そう、襲ってくる衝撃と盾の重量に振り回されて、腕に酷いダメージを受けるんだ。
「……」
「あ、あ……う、うわぁぁぁぁぁッ――!」
案の定、博士の腕はおかしな方向へ折れ曲がっちまった。モォちゃんは、あまりの出来事に謝罪の言葉も出てこないくらいに顔をしかめている。
当然だ。サージェント級までは体長3mくらいが限界だから、今まで骨が覗くような酷い怪我をする奴なんてそうそうは見てこなかっただろうよ。
博士はしばらく復帰できそうにねぇな。
ここで、漸くイオが意識を取り戻したみたいだ。
「いてぇッ! いてぇよッ! イオ! 腕が、いてぇッ!」
「ッ……。ご、ごめんなさい……。後はこちらでなんとかしますよ。カバンの中に治癒薬が入ってますから、飲んでください」
博士が縋りついてくるのを宥めようと頑張っちゃうイオ。治癒薬一つの損なら依頼料でペイできちまうが、わざわざイオが分けてやる必要はないだろ。
博士がヨタヨタとおぼつかない足取りで荷物を放り投げた方へと歩いて行く。
しばらくはイオとモォちゃんが木々を盾に一進一退の攻防を続け、クマミュータント小の腹と胸のコアを壊すのに成功する。俺は手伝う必要なさそうなんで、ちょいとコレーの様子を見ておいてやるか。
イオ達とは少し離れたところで、コレーもクマミュータントの大と中の二体を相手に奮戦してやがる。まぁ、そうそう簡単にやられてもらっても困るけどよ。
大振りの武器を使う所為で、コレーが選んだ位置はクマミュータント大と中も戦いやすい位置になってるな。
「ツゥッ……!」
クマミュータント大の攻撃をドデカイ包丁でギリギリいなして、隙を突いて小振りの包丁で毛にあたる外殻を切り落として行く。刃物でどうして外殻が削れるのかと言われると、俺も詳しくはしらないんだが。確か、魚の骨なんかを断ち切るための包丁があるらしいな。

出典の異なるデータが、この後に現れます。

(* Let $\Gamma=(V,E)$ be a finite graph and let $\phi\in\Phi(\Gamma)$. If $\nvdash_\Gamma\phi$, then there exists a game $G=(V,\{S_v\}_{v\in V},\{u_v\}_{v\in V})$ over the graph $\Gamma$ such that $G\nvDash\phi$.
   Context: Graphs are finite, undirected, with no loops or multiple edges. For $v\in V$, $Adj(v)$ is the set of vertices adjacent to $v$ and $Adj^+(v)=Adj(v)\cup\{v\}$. For $U\subseteq V$ the border is ${\cal B}(U)=\{v\in U\mid (v,w)\in E\text{ for some }w\in V\setminus U\}$. A cut $(U,W)$ of $\Gamma$ is a partition $V=U\sqcup W$. Formulas: $\Phi(\Gamma)$ is the smallest set containing $\bot$, all expressions $A\rhd B$ with $A,B\subseteq V$, and $\phi\rightarrow\psi$ for $\phi,\psi\in\Phi(\Gamma)$ (other connectives, e.g. $\neg$, are the usual abbreviations). $A,B$ denotes $A\cup B$, and a single vertex $v$ stands for $\{v\}$. Proof system: $\vdash_\Gamma\phi$ means $\phi$ is derivable from propositional tautologies of $\Phi(\Gamma)$ and the axioms (1) Reflexivity: $A\rhd B$ whenever $B\subseteq A$; (2) Augmentation: $A\rhd B\rightarrow A,C\rhd B,C$; (3) Transitivity: $A\rhd B\rightarrow(B\rhd C\rightarrow A\rhd C)$; (4) Contiguity: $A,B\rhd C\rightarrow {\cal B}(U),{\cal B}(W),B\rhd C$ for every cut $(U,W)$ of $\Gamma$ with $A\subseteq U$ and $C\subseteq W$; using the rule Modus Ponens. Semantics: a game over $\Gamma$ is a strategic game $G=(V,\{S_v\}_{v\in V},\{u_v\}_{v\in V})$ whose set of players is $V$, each strategy set $S_v$ is a finite set, and each pay-off function $u_v$ (real-valued on strategy profiles) depends only on the strategies of the players in $Adj^+(v)$. $NE(G)$ is the set of (pure) Nash equilibria of $G$. For profiles $\mathbf s=\langle s_v\rangle_{v\in V}$, $\mathbf t=\langle t_v\rangle_{v\in V}$ and $X\subseteq V$, $\mathbf s=_X\mathbf t$ means $s_x=t_x$ for all $x\in X$. Truth: $G\nvDash\bot$; $G\vDash A\rhd B$ iff for all $\mathbf s,\mathbf t\in NE(G)$, $\mathbf s=_A\mathbf t$ implies $\mathbf s=_B\mathbf t$; $G\vDash\psi_1\rightarrow\psi_2$ iff $G\nvDash\psi_1$ or $G\vDash\psi_2$. *)

From mathcomp Require Import all_boot.
From Stdlib Require Import Reals.
Set Implicit Arguments. Unset Strict Implicit. Unset Printing Implicit Defensive.
(* Let $\mathbf{V}_1,\dots,\mathbf{V}_L\in\mathbb{R}^{1\times d}$ be value vectors and $\mathbf{y}$ a target embedding. Let $H$ be the Hessian of the objective of the linear coding problem $\min_\alpha\|\sum_{j=1}^L\alpha_j\mathbf{V}_j-\mathbf{y}\|_2^2$ (subject to $\sum_j\alpha_j=1,\ \alpha_j>0$), and let $\bar H$ be the Hessian of the objective of the group coding problem $\min_{\bar\alpha}\|\sum_{g=1}^k\frac{\bar\alpha_g}{|G_g|}\sum_{j\in G_g}\mathbf{V}_j-\mathbf{y}\|_2^2$ (subject to $\sum_g\bar\alpha_g=1,\ \bar\alpha_g>0$), where $G_1,\dots,G_k$ partition $\{1,\dots,L\}$ and each group has size $|G_g|=m$. For a matrix $A$ let $\kappa(A)=\lambda_{\max}(A)/\lambda_{\min}(A)$ be its condition number, with $\lambda_{\max},\lambda_{\min}$ its maximum and minimum eigenvalues. If $\lambda_{\min}(H)>0$ and $\lambda_{\min}(\bar H)>0$, then $\kappa(\bar H)\le\kappa(H)$. *)

From HB Require Import structures.
From mathcomp Require Import all_boot all_order all_algebra.
From mathcomp Require Import all_classical all_reals all_analysis.
Set Implicit Arguments. Unset Strict Implicit. Unset Printing Implicit Defensive.
Import Order.TTheory GRing.Theory Num.Theory.
Import numFieldNormedType.Exports.
Local Open Scope classical_set_scope.
Local Open Scope ring_scope.

Definition sqnorm2 (R : realType) (d : nat) (w : 'rV[R]_d) : R :=
  \sum_(i < d) (w 0 i) ^+ 2.

Definition lin_obj (R : realType) (L d : nat) (V : 'I_L -> 'rV[R]_d)
  (y : 'rV[R]_d) (alpha : 'rV[R]_L) : R :=
  sqnorm2 (\sum_(j < L) alpha 0 j *: V j - y).

Definition group_obj (R : realType) (L k d : nat) (m : nat) (grp : 'I_L -> 'I_k)
  (V : 'I_L -> 'rV[R]_d) (y : 'rV[R]_d) (abar : 'rV[R]_k) : R :=
  sqnorm2 (\sum_(g < k) (abar 0 g / m%:R) *: \sum_(j < L | grp j == g) V j - y).

Definition hessian (R : realType) (n : nat) (f : 'rV[R]_n -> R) (a : 'rV[R]_n)
  : 'M[R]_n :=
  \matrix_(i < n, j < n)
    ('D_(delta_mx 0 i) (fun x => 'D_(delta_mx 0 j) f x) a).

(* largest / smallest eigenvalue (of a real symmetric matrix, whose
   eigenvalues are all real) *)
Definition lambda_max (R : realType) (n : nat) (A : 'M[R]_n) : R :=
  sup [set a : R | eigenvalue A a].
Definition lambda_min (R : realType) (n : nat) (A : 'M[R]_n) : R :=
  inf [set a : R | eigenvalue A a].

Definition kappa (R : realType) (n : nat) (A : 'M[R]_n) : R :=
  lambda_max A / lambda_min A.

From mathcomp Require Import all_boot all_order all_algebra.
From mathcomp Require Import all_classical all_reals all_analysis.
From mathcomp Require Import ring lra.
Import Order.TTheory GRing.Theory Num.Theory.
Import numFieldNormedType.Exports.
Set Implicit Arguments. Unset Strict Implicit. Unset Printing Implicit Defensive.
Local Open Scope ring_scope.

(* Both objectives are least-squares functions x |-> |x X - y|^2, whose
   Hessian is 2 X X^T.  For the group problem X = P V, where P is 1/m times
   the k x L group-indicator matrix, so Hbar = P H P^T, and P P^T = 1/m
   because the groups are disjoint of size m.  Hence u Hbar u^T is the
   H-form at u P while |u P|^2 = |u|^2 / m: every Rayleigh quotient of Hbar
   is 1/m times a Rayleigh quotient of H.  The extreme eigenvalues of a
   symmetric matrix are its extreme Rayleigh quotients, so
   lambda_max Hbar <= lambda_max H / m and lambda_min Hbar >= lambda_min H / m,
   which gives kappa Hbar <= kappa H. *)

Section QuadraticDerivative.
Variables (R : realType) (U : normedModType R).
Local Open Scope classical_set_scope.

Lemma derive_quadratic (f : U -> R) (a v : U) (c e : R) :
  (forall h : R, f (h *: v + a) = f a + h * c + h ^+ 2 * e) -> 'D_v f a = c.
Proof.
move=> fE; apply: cvg_lim => //.
have : (fun h : R => c + h * e) @ (0 : R)^' --> c.
  apply: cvg_within_filter.
  suff : (fun h : R => c + h * e) @ (0 : R) --> c + 0 * e by rewrite mul0r addr0.
  by apply: cvgD; [exact: cvg_cst | exact: cvgM cvg_id (cvg_cst _)].
apply: cvg_trans; apply: near_eq_cvg; near=> h.
have h0 : h != 0 by near: h; exact: nbhs_dnbhs_neq.
rewrite /= fE.
have -> : f a + h * c + h ^+ 2 * e - f a = h * (c + h * e) by ring.
by rewrite scalerA mulVf // scale1r.
Unshelve. all: by end_near.
Qed.

End QuadraticDerivative.

Section SquaredNorm.
Variables (R : realType) (d : nat).
Implicit Types (r s w : 'rV[R]_d).

Lemma sqnorm2E w : sqnorm2 w = (w *m w^T) 0 0.
Proof. by rewrite /sqnorm2 mxE; apply: eq_bigr => i _; rewrite mxE expr2. Qed.

Lemma sqnorm20 : sqnorm2 (0 : 'rV[R]_d) = 0.
Proof. by rewrite sqnorm2E mul0mx mxE. Qed.

Lemma sqnorm2_ge0 w : 0 <= sqnorm2 w.
Proof. by apply: sumr_ge0 => i _; exact: sqr_ge0. Qed.

Lemma sqr_coord_le_sqnorm2 w i : w 0 i ^+ 2 <= sqnorm2 w.
Proof.
by rewrite /sqnorm2 (bigD1 i) //= lerDl; apply: sumr_ge0 => j _; exact: sqr_ge0.
Qed.

Lemma sqnorm2_gt0 w : w != 0 -> 0 < sqnorm2 w.
Proof.
move=> w0; rewrite lt_def sqnorm2_ge0 andbT; apply: contra w0.
rewrite psumr_eq0 => [/allP w0|i _]; last exact: sqr_ge0.
by apply/eqP/rowP => i; have := w0 i (mem_index_enum _); rewrite sqrf_eq0 mxE => /eqP.
Qed.

Lemma sqnorm2_lineD r s (h : R) :
  sqnorm2 (h *: s + r) = sqnorm2 r + h * (2 * (s *m r^T) 0 0) + h ^+ 2 * sqnorm2 s.
Proof.
rewrite /sqnorm2 mxE !mulr_sumr -!big_split /=.
by apply: eq_bigr => t _; rewrite !mxE; ring.
Qed.

End SquaredNorm.

Section LeastSquares.
Variables (R : realType) (n d : nat) (X : 'M[R]_(n, d)) (y : 'rV[R]_d).

Lemma derive_sqnorm2_affine (x v : 'rV[R]_n) :
  'D_v (fun x => sqnorm2 (x *m X - y)) x = 2 * (v *m X *m (x *m X - y)^T) 0 0.
Proof.
apply: (derive_quadratic (e := sqnorm2 (v *m X))) => h.
by rewrite mulmxDl -scalemxAl -addrA sqnorm2_lineD.
Qed.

だから、細い外殻なら何とか切り落とせないことはないわけ。
だが、ミュータントの再生力がすさまじいことは覚えておいでのはずだ。個体差にも寄るものの、多少のダメージなら数秒もあれば元通りになる。コアから完全に離れちまっても、殺し切らない限りは外れた外殻が自動的に戻るんだよ。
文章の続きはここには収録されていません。